The run of the tool will also provide the model outputs across your input data:
This isn’t inherently useful on its own since we are basically predicting on records with known values, but it’s useful to see how distance-based features change the model performance. Better yet, its extremely useful to be able to incorporate existing additional GIS data into the model’s considerations for proximity in such a fast and intuitive way.

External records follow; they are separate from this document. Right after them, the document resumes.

(* Let $F$ be an imaginary CM field. Let $\rho:G_F\to\operatorname{GL}_n(\overline{\mathbb{Q}}_\ell)$ and $\sigma:G_F\to\operatorname{GL}_m(\overline{\mathbb{Q}}_\ell)$ be polarizable, irreducible Galois representations. (1) If $n$ is odd, then $\rho$ is totally odd. (2) If $\rho\otimes\sigma$ is irreducible and two of $\{\rho,\sigma,\rho\otimes\sigma\}$ are totally odd, then all three are totally odd.
   Context: $F$ is a totally imaginary quadratic extension of a totally real field $F^+$, and $\delta_{F/F^+}$ is the quadratic character of $G_{F^+}$ attached to $F/F^+$. For an infinite place $v$ of $F^+$, $c_v\in G_{F^+}$ denotes a complex conjugation associated to $v$. For continuous $r:G_F\to\operatorname{GL}_n(\overline{\mathbb{Q}}_\ell)$ and $\mu:G_{F^+}\to\overline{\mathbb{Q}}_\ell^\times$, the pair $(r,\mu)$ is polarized if for some (equivalently every) infinite place $v$ of $F^+$ there are $\epsilon_v\in\{\pm1\}$ and a non-degenerate pairing $\langle\ ,\ \rangle_v$ on $\overline{\mathbb{Q}}_\ell^n$ with $\langle x,y\rangle_v=\epsilon_v\langle y,x\rangle_v$ and $\langle r(g)x,r(c_vgc_v)y\rangle_v=\mu(g)\langle x,y\rangle_v$ for all $x,y$ and $g\in G_F$, and moreover (after replacing $\mu$ by $\mu\delta_{F/F^+}$ if necessary) $\epsilon_v=-\mu(c_v)$ for all $v$. $r$ is polarizable if such a $\mu$ exists. A polarized $(r,\mu)$ is totally odd if $\epsilon_v=1$ for all $v\mid\infty$; a polarizable irreducible $r$ is called totally odd if it is totally odd with respect to its polarization. If $(r,\mu)$ and $(s,\chi)$ are polarized then $(r\otimes s,\mu\chi\delta_{F/F^+})$ is polarized; this is the polarization used for $\rho\otimes\sigma$. *)

From HB Require Import structures.
From mathcomp Require Import all_boot all_order all_algebra all_field.
From mathcomp Require Import mxtens.
From Stdlib Require Import ClassicalEpsilon.
Set Implicit Arguments. Unset Strict Implicit. Unset Printing Implicit Defensive.
Import Order.TTheory GRing.Theory Num.Theory.
Local Open Scope ring_scope.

Note: An additional important aspect of Forest-based Classification and Regression is the way in which the effects of multicollinearity in candidate explanatory factors does not prevent you creating effective models. To understand how random forest mitigates for issues with multicollinearity, I encourage you to explore further in the tool documentation and in additional random forest documentation.
Conclusion and Resources
Performing analysis to predict any event or value is sure to be an exploratory, iterative, messy, and time-consuming exercise. To support these workflows, we need tools that help us quickly incorporate spatial data, support testing, let us quickly evaluate results, and allow us to repeat until we reach a satisfactory result.
Forest-based Classification and Regression extends the utility of the powerful random forests machine learning algorithm by incorporating the ability to consider not just attribute data in your models, but also distance-based training features and explanatory rasters to leverage location in your analysis.